**DATASET**.
|---|

(* Let $n,m\ge1$. If $\varphi\colon A\to B$ is a Frobenius $n$-homomorphism and $\gamma\colon A\to B$ is a Frobenius $m$-homomorphism, then $\varphi+\gamma$ is a Frobenius $(n+m)$-homomorphism; moreover $R_{\varphi+\gamma}(a,z)=R_\varphi(a,z)R_\gamma(a,z)$ for all $a\in A$.
   Context: $\mathbb{K}=\mathbb{R}$ or $\mathbb{C}$; $A$ and $B$ are commutative associative unital $\mathbb{K}$-algebras. For a $\mathbb{K}$-linear map $\varphi\colon A\to B$ and $a\in A$, the characteristic function is $R_\varphi(a,z)=\exp\bigl(\varphi(\ln(1+az))\bigr)\in B[[z]]$, with $\ln(1+az)=\sum_{k\ge1}(-1)^{k+1}a^kz^k/k$ and $\varphi$ applied coefficientwise. The Frobenius maps $\Phi_k\colon A^k\to B$ of $\varphi$ are defined by $\Phi_1=\varphi$ and $\Phi_{k+1}(a_1,\dots,a_{k+1})=\varphi(a_1)\Phi_k(a_2,\dots,a_{k+1})-\sum_{j=2}^{k+1}\Phi_k(a_2,\dots,a_{j-1},a_1a_j,a_{j+1},\dots,a_{k+1})$. A linear map $\varphi$ is a (Frobenius) $n$-homomorphism if $\varphi(1)=n\cdot1_B$ and $\Phi_k\equiv0$ for all $k\ge n+1$. *)

From HB Require Import structures.
From mathcomp Require Import all_boot all_order all_algebra.
Set Implicit Arguments. Unset Strict Implicit. Unset Printing Implicit Defensive.
Import Order.TTheory GRing.Theory Num.Theory.
Local Open Scope ring_scope.

Section Frobenius.
Variables (K : numFieldType) (A B : comAlgType K).

(* Frobenius maps: frob phi k s is Phi_{k+1}(s) when size s = k+1.
   Phi_1 = phi;  Phi_{k+1}(a1, a2..a_{k+1}) = phi a1 * Phi_k(a2..)
     - sum_{j} Phi_k(a2.., a1*a_j, ..). *)
Fixpoint frob (phi : A -> B) (k : nat) (s : seq A) : B :=
  match k, s with
  | 0, a :: _ => phi a
  | k'.+1, a1 :: s' =>
      phi a1 * frob phi k' s'
      - \sum_(j < size s') frob phi k' (set_nth 0 s' j (a1 * nth 0 s' j))
  | _, _ => 0
  end.

Definition FrobMap (phi : A -> B) (k : nat) (t : k.-tuple A) : B :=
  frob phi k.-1 t.

Definition is_nhom (n : nat) (phi : A -> B) : Prop :=
  linear phi /\ phi 1 = n%:R /\
  (forall (k : nat) (t : k.-tuple A), (n.+1 <= k)%N -> FrobMap phi t = 0).

Definition ps (R : Type) := nat -> R.

Definition ps_one (R : pzRingType) : ps R := fun n => if n == 0%N then 1 else 0.
Definition ps_mul (R : pzRingType) (f g : ps R) : ps R :=
  fun n => \sum_(i < n.+1) f i * g (n - i)%N.
Definition ps_pow (R : pzRingType) (f : ps R) (m : nat) : ps R :=
  iter m (ps_mul f) (ps_one R).

(* exp of a series with zero constant term: sum_m f^m / m! *)
Definition ps_exp (f : ps B) : ps B :=
  fun n => \sum_(m < n.+1) ((m`!)%:R : K)^-1 *: ps_pow f m n.

(* ln(1 + a z) = sum_{k>=1} (-1)^(k+1) a^k z^k / k, in A[[z]] *)
Definition ln1p (a : A) : ps A :=
  fun k => if k == 0%N then 0
           else (((-1) ^+ k.+1 / k%:R : K) *: a ^+ k).

Definition charfun (phi : A -> B) (a : A) : ps B :=
  ps_exp (fun k => phi (ln1p a k)).

End Frobenius.

(* Extend the Frobenius maps by Phi_0 = 1.  The correction term of the defining
   recursion is a derivation in its first argument, so by the product rule
   Phi^(phi+gamma)(a_1, ..., a_k) is the sum, over all ways of splitting the
   arguments into two subsequences S and S', of Phi^phi(S) Phi^gamma(S').  For
   k > n + m every splitting has |S| > n or |S'| > m, so every summand vanishes.
   By linearity R_(phi+gamma)(a, z) = exp(F + G) with F = phi(ln(1 + az)) and
   G = gamma(ln(1 + az)) of zero constant term; exp(F + G) = exp F exp G is
   checked coefficientwise on the polynomial truncations, where it is the
   binomial theorem. *)

From HB Require Import structures.
From mathcomp Require Import all_boot all_order all_algebra.
From Stdlib Require Import FunctionalExtensionality.
Set Implicit Arguments. Unset Strict Implicit. Unset Printing Implicit Defensive.
Import Order.TTheory GRing.Theory Num.Theory.
Local Open Scope ring_scope.

Section FrobeniusProduct.
Variables (A : pzRingType) (B : comPzRingType).
Implicit Types (f g psi : A -> B) (a : A) (s : seq A) (b : seq bool).

Definition dmul (F : seq A -> B) a s : B :=
  \sum_(j < size s) F (set_nth 0 s j (a * s`_j)).

(* [frobenius psi s] is Phi_k(s) for k = size s, extended by Phi_0 = 1 so that
   the defining recursion also holds for k = 1. *)
Fixpoint frobenius_rec psi k s : B :=
  match k, s with
  | 0, _ => 1
  | k'.+1, a :: s' => psi a * frobenius_rec psi k' s' - dmul (frobenius_rec psi k') a s'
  | _, _ => 0
  end.

Definition frobenius psi s := frobenius_rec psi (size s) s.

Lemma size_set_nth_ord s (j : 'I_(size s)) x : size (set_nth 0 s j x) = size s.
Proof. by rewrite size_set_nth; apply/maxn_idPr. Qed.

Lemma frobenius_cons psi a s :
  frobenius psi (a :: s) = psi a * frobenius psi s - dmul (frobenius psi) a s.
Proof.
rewrite /frobenius /= /dmul; congr (_ - _).
by apply: eq_bigr => j _; rewrite size_set_nth_ord.
Qed.

Lemma mask_set_nth_false b s j x :
  size b = size s -> ~~ nth false b j -> mask b (set_nth 0 s j x) = mask b s.
Proof.
elim: s b j => [|y s IH] [|c b] j //= [Hb].
case: j => [|j] /=; first by case: c.
by move=> Hn; rewrite IH.
Qed.

Lemma dmul_mask (F : seq A -> B) a s b : size b = size s ->
  \sum_(j < size s | nth false b j) F (mask b (set_nth 0 s j (a * s`_j)))
  = dmul F a (mask b s).
Proof.
rewrite /dmul; elim: s b F => [|x s IH] [|c b] F //=.
  by rewrite !big_ord0.
move=> [Hb].
rewrite big_mkcond big_ord_recl -big_mkcond /=.
case: c => /=; last by rewrite add0r; exact: IH.
by rewrite big_ord_recl; congr (_ + _); exact: (IH b (fun t => F (x :: t))).
Qed.

(* The Leibniz rule for the derivation [dmul _ a]. *)
Lemma dmul_mul_mask (F G : seq A -> B) a s b : size b = size s ->
  \sum_(j < size s) F (mask b (set_nth 0 s j (a * s`_j)))
                  * G (mask (map negb b) (set_nth 0 s j (a * s`_j)))
  = dmul F a (mask b s) * G (mask (map negb b) s)
  + F (mask b s) * dmul G a (mask (map negb b) s).
Proof.
move=> Hb; have Hnb : size (map negb b) = size s by rewrite size_map.
rewrite -dmul_mask // -dmul_mask // mulr_suml mulr_sumr.
rewrite [X in _ = X + _]big_mkcond [X in _ = _ + X]big_mkcond -big_split /=.
apply: eq_bigr => j _; have Hj : (j < size b)%N by rewrite Hb.
rewrite (nth_map false) //; case Hbj: (nth false b j) => /=.
  by rewrite (@mask_set_nth_false (map negb b)) ?(nth_map false) ?Hbj ?addr0.
by rewrite (@mask_set_nth_false b) ?Hbj ?add0r.
Qed.

Fixpoint masks k : seq (seq bool) :=
  if k is k'.+1 then [seq true :: b | b <- masks k'] ++ [seq false :: b | b <- masks k']
  else [:: [::]].

Lemma size_masks k b : b \in masks k -> size b = k.
Proof.
elim: k b => [|k IH] b /=; first by rewrite inE => /eqP ->.
by rewrite mem_cat => /orP [] /mapP [c Hc ->] /=; rewrite IH.
Qed.

Lemma frobeniusD f g s :
  frobenius (f \+ g) s
  = \sum_(b <- masks (size s)) frobenius f (mask b s) * frobenius g (mask (map negb b) s).
Proof.
have [k Hk] : exists k, size s = k by eexists.
rewrite Hk; elim: k s Hk => [|k IH] [|a s] //=.
  by move=> _; rewrite big_seq1 mulr1.
move=> [Hs]; rewrite frobenius_cons {1}/dmul.
rewrite (eq_bigr _ (fun j _ => IH _ (etrans (size_set_nth_ord j _) Hs))).
rewrite exchange_big big_cat !big_map /= (IH s Hs) mulr_sumr -sumrB -big_split /=.
rewrite big_seq [RHS]big_seq; apply: eq_bigr => b /size_masks Hb.
rewrite dmul_mul_mask ?Hb // !frobenius_cons /=.
set X := frobenius f _; set Y := frobenius g _.
by rewrite mulrBl mulrBr !mulrA (mulrC X (g a)) !mulrDl opprD addrACA.
Qed.

Lemma frobeniusD_eq0 n m f g s :
  (forall t, (n < size t)%N -> frobenius f t = 0) ->
  (forall t, (m < size t)%N -> frobenius g t = 0) ->
  (n + m < size s)%N -> frobenius (f \+ g) s = 0.
Proof.
move=> Hf Hg Hs; rewrite frobeniusD big_seq big1 // => b /size_masks Hb.
have Hcount : (count id b + count negb b)%N = size s by rewrite -Hb count_predC.
case: (ltnP n (count id b)) => Hn; first by rewrite Hf ?mul0r // size_mask.
rewrite Hg ?mulr0 // size_mask ?size_map ?count_map //.
by rewrite -(ltn_add2l (count id b)) Hcount (leq_ltn_trans _ Hs) ?leq_add2r.
Qed.

End FrobeniusProduct.

Lemma sum_antidiagonal (V : nmodType) N (F : nat -> nat -> V) :
  \sum_(m < N.+1) \sum_(p < m.+1) F p (m - p)%N
  = \sum_(p < N.+1) \sum_(q < N.+1 | (p + q <= N)%N) F p q.
Proof.
transitivity (\sum_(p < N.+1) \sum_(m < N.+1 | (p <= m)%N) F p (m - p)%N).
  rewrite [RHS](exchange_big_dep xpredT) //=; apply: eq_bigr => m _.
  by rewrite (big_ord_widen_cond N.+1 xpredT (fun p => F p (m - p)%N)).
apply: eq_bigr => p _.
have Hp : (p <= N.+1)%N by exact: ltnW.
rewrite -(big_mkord (fun m => p <= m)%N (fun m => F p (m - p)%N)).
rewrite -(big_mkord (fun q => p + q <= N)%N (F p)).
rewrite (big_cat_nat (leq0n p) Hp) big_nat_cond big1; last first.
  by move=> m /andP [/andP [_ Hm]]; rewrite leqNgt Hm.
rewrite -{1}(add0n p) big_addn (big_nat_widen _ _ N.+1) ?leq_subr //.
rewrite /= add0r; apply: eq_big => [q|q _]; last by rewrite addnK.
by rewrite leq_addl ltn_subRL addnC ltnS.
Qed.

Section TruncatedExponential.
Variables (K : numFieldType) (B : comAlgType K).
Implicit Types (f g : ps B) (P Q : {poly B}).

Definition trunc N f : {poly B} := \poly_(i < N.+1) f i.

Definition invfact m : B := ((m`!)%:R : K)^-1 *: 1.

Definition expp N P : {poly B} := \sum_(m < N.+1) (invfact m)%:P * P ^+ m.

Lemma coefM_low P Q a b i :
  (forall j, (j < a)%N -> P`_j = 0) -> (forall j, (j < b)%N -> Q`_j = 0) ->
  (i < a + b)%N -> (P * Q)`_i = 0.
Proof.
move=> HP HQ Hi; rewrite coefM big1 // => j _.
case: (ltnP j a) => Hj; first by rewrite HP ?mul0r.
have Hji : (j <= i)%N by rewrite -ltnS.
rewrite HQ ?mulr0 // ltn_subLR //.
by apply: leq_trans Hi _; rewrite leq_add2r.
Qed.

Lemma coefX_low P m i : P`_0 = 0 -> (i < m)%N -> (P ^+ m)`_i = 0.
Proof.
move=> P0; elim: m i => [|m IH] i // Hi.
by rewrite exprS (@coefM_low _ _ 1 m) // => j; rewrite ltnS leqn0 => /eqP ->.
Qed.

Lemma ps_pow_trunc N f m i : (i <= N)%N -> ps_pow f m i = (trunc N f ^+ m)`_i.
Proof.
elim: m i => [|m IH] i Hi; first by rewrite expr0 coef1 /ps_pow /ps_one /=; case: eqP.
rewrite exprS coefM /ps_pow iterS -/(ps_pow f m); apply: eq_bigr => j _.
have Hj : (j <= N)%N by apply: leq_trans Hi; rewrite -ltnS.
by rewrite coef_poly ltnS Hj IH // (leq_trans (leq_subr _ _) Hi).
Qed.

Lemma ps_exp_trunc N f i : f 0%N = 0 -> (i <= N)%N ->
  ps_exp f i = (expp N (trunc N f))`_i.
Proof.
move=> f0 Hi; rewrite /expp coef_sum /ps_exp.
rewrite (big_ord_widen N.+1 (fun m => ((m`!)%:R : K)^-1 *: ps_pow f m i)) //.
rewrite big_mkcond; apply: eq_bigr => m _.
rewrite (ps_pow_trunc f m Hi) coefCM /invfact -scalerAl mul1r.
case: ifP => // Hm; rewrite coefX_low ?scaler0 //.
- by rewrite coef_poly.
- by rewrite ltnNge -ltnS Hm.
Qed.

Lemma invfact_bin m p : (p <= m)%N -> invfact m *+ 'C(m, p) = invfact p * invfact (m - p).
Proof.
move=> Hp; rewrite /invfact scalerMnl -scalerAl mul1r scalerA; congr (_ *: _).
rewrite -(bin_fact Hp) -mulr_natr !natrM !invfM mulrAC mulVf ?mul1r //.
by rewrite pnatr_eq0 -lt0n bin_gt0.
Qed.

Lemma coef_exppD N P Q : P`_0 = 0 -> Q`_0 = 0 ->
  (expp N (P + Q))`_N = (expp N P * expp N Q)`_N.
Proof.
move=> P0 Q0.
pose H p q := ((invfact p)%:P * P ^+ p * ((invfact q)%:P * Q ^+ q))`_N.
transitivity (\sum_(m < N.+1) \sum_(p < m.+1) H p (m - p)%N).
  rewrite coef_sum; apply: eq_bigr => m _.
  rewrite addrC exprDn mulr_sumr coef_sum; apply: eq_bigr => p _.
  have Hp : (p <= m)%N by rewrite -ltnS.
  rewrite mulrnAr -mulrnAl -polyCMn invfact_bin // polyCM.
  by rewrite /H [Q ^+ _ * P ^+ _]mulrC mulrACA.
rewrite sum_antidiagonal mulr_suml coef_sum; apply: eq_bigr => p _.
rewrite mulr_sumr coef_sum [RHS](bigID (fun q : 'I__ => p + q <= N)%N) /=.
rewrite [X in _ = _ + X]big1 ?addr0 // => q; rewrite -ltnNge => Hpq.
rewrite mulrACA -polyCM coefCM (@coefM_low _ _ p q) ?mulr0 // => j Hj; exact: coefX_low.
Qed.

Lemma ps_expD f g : f 0%N = 0 -> g 0%N = 0 ->
  ps_exp (f \+ g) =1 ps_mul (ps_exp f) (ps_exp g).
Proof.
move=> f0 g0 N.
have trunc0 h : h 0%N = 0 -> (trunc N h)`_0 = 0 by move=> h0; rewrite coef_poly.
have truncD : trunc N (f \+ g) = trunc N f + trunc N g.
  by apply/polyP => i; rewrite coefD !coef_poly; case: ifP; rewrite ?addr0.
rewrite (@ps_exp_trunc N) /= ?f0 ?g0 ?addr0 // truncD coef_exppD ?trunc0 // coefM.
apply: eq_bigr => i _; have Hi : (i <= N)%N by rewrite -ltnS.
by rewrite !(@ps_exp_trunc N) ?leq_subr.
Qed.

End TruncatedExponential.

Section FrobeniusHomomorphisms.
Variables (K : numFieldType) (A B : comAlgType K).
Implicit Types (phi gamma psi : A -> B) (s : seq A).

Lemma frobE psi k s : size s = k.+1 -> frob psi k s = frobenius psi s.
Proof.
elim: k s => [|k IH] [|a s] //= [Hs].
  by case: s Hs => // _; rewrite /frobenius /= /dmul big_ord0 mulr1 subr0.
rewrite -/(frobenius psi (a :: s)) frobenius_cons IH //; congr (_ - _).
rewrite /dmul Hs; apply: eq_bigr => j _.
by apply: IH; rewrite size_set_nth Hs; apply/maxn_idPr.
Qed.

Lemma nhom_frobenius_eq0 n psi s : is_nhom n psi -> (n < size s)%N -> frobenius psi s = 0.
Proof.
move=> [_ [_ Hfrob]] Hs; have := Hfrob _ (in_tuple s) Hs.
by rewrite /FrobMap /= frobE // prednK // (leq_ltn_trans _ Hs).
Qed.

Lemma nhomD n m phi gamma :
  is_nhom n phi -> is_nhom m gamma -> is_nhom (n + m) (phi \+ gamma).
Proof.
move=> Hphi Hgamma; have [Lphi [phi1 _]] := Hphi; have [Lgamma [gamma1 _]] := Hgamma.
split; first by move=> c u v; rewrite /= Lphi Lgamma scalerDr addrACA.
split; first by rewrite /= phi1 gamma1 natrD.
move=> k t Hk.
have Hsize : size t = k.-1.+1 by rewrite size_tuple prednK // (leq_ltn_trans _ Hk).
rewrite /FrobMap frobE //; apply: (frobeniusD_eq0 (n := n) (m := m)).
- by move=> s; apply: nhom_frobenius_eq0.
- by move=> s; apply: nhom_frobenius_eq0.
- by rewrite size_tuple.
Qed.

Lemma linear_map0 psi : linear psi -> psi 0 = 0.
Proof. by move=> Lpsi; have := Lpsi (-1) 0 0; rewrite scaler0 addr0 scaleN1r addNr. Qed.

Lemma charfunD phi gamma a : linear phi -> linear gamma ->
  charfun (phi \+ gamma) a = ps_mul (charfun phi a) (charfun gamma a).
Proof.
move=> Lphi Lgamma; apply: functional_extensionality.
by apply: ps_expD; rewrite /ln1p /= linear_map0.
Qed.

End FrobeniusHomomorphisms.

Theorem mainTheorem8 (K : numFieldType) (A B : comAlgType K)
    (n m : nat) (phi gamma : A -> B) :
  (1 <= n)%N -> (1 <= m)%N ->
  is_nhom n phi -> is_nhom m gamma ->
  is_nhom (n + m) (fun x => phi x + gamma x) /\
  (forall a : A,
     charfun (fun x => phi x + gamma x) a
     = ps_mul (charfun phi a) (charfun gamma a)).
Proof.
move=> _ _ Hphi Hgamma; split; first exact: nhomD.
by move=> a; apply: charfunD; [case: Hphi | case: Hgamma].
Qed.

|---|

**ASSIGNED TASK**.
Only one stretch of the data above is needed. Restate it word for word, from the line containing "by rewrite pnatr_eq0 -lt0n bin_gt0." through the line containing "rewrite coef_sum; apply: eq_bigr => m _.", both ends included.

**ANSWER**.
by rewrite pnatr_eq0 -lt0n bin_gt0.
Qed.

Lemma coef_exppD N P Q : P`_0 = 0 -> Q`_0 = 0 ->
  (expp N (P + Q))`_N = (expp N P * expp N Q)`_N.
Proof.
move=> P0 Q0.
pose H p q := ((invfact p)%:P * P ^+ p * ((invfact q)%:P * Q ^+ q))`_N.
transitivity (\sum_(m < N.+1) \sum_(p < m.+1) H p (m - p)%N).
  rewrite coef_sum; apply: eq_bigr => m _.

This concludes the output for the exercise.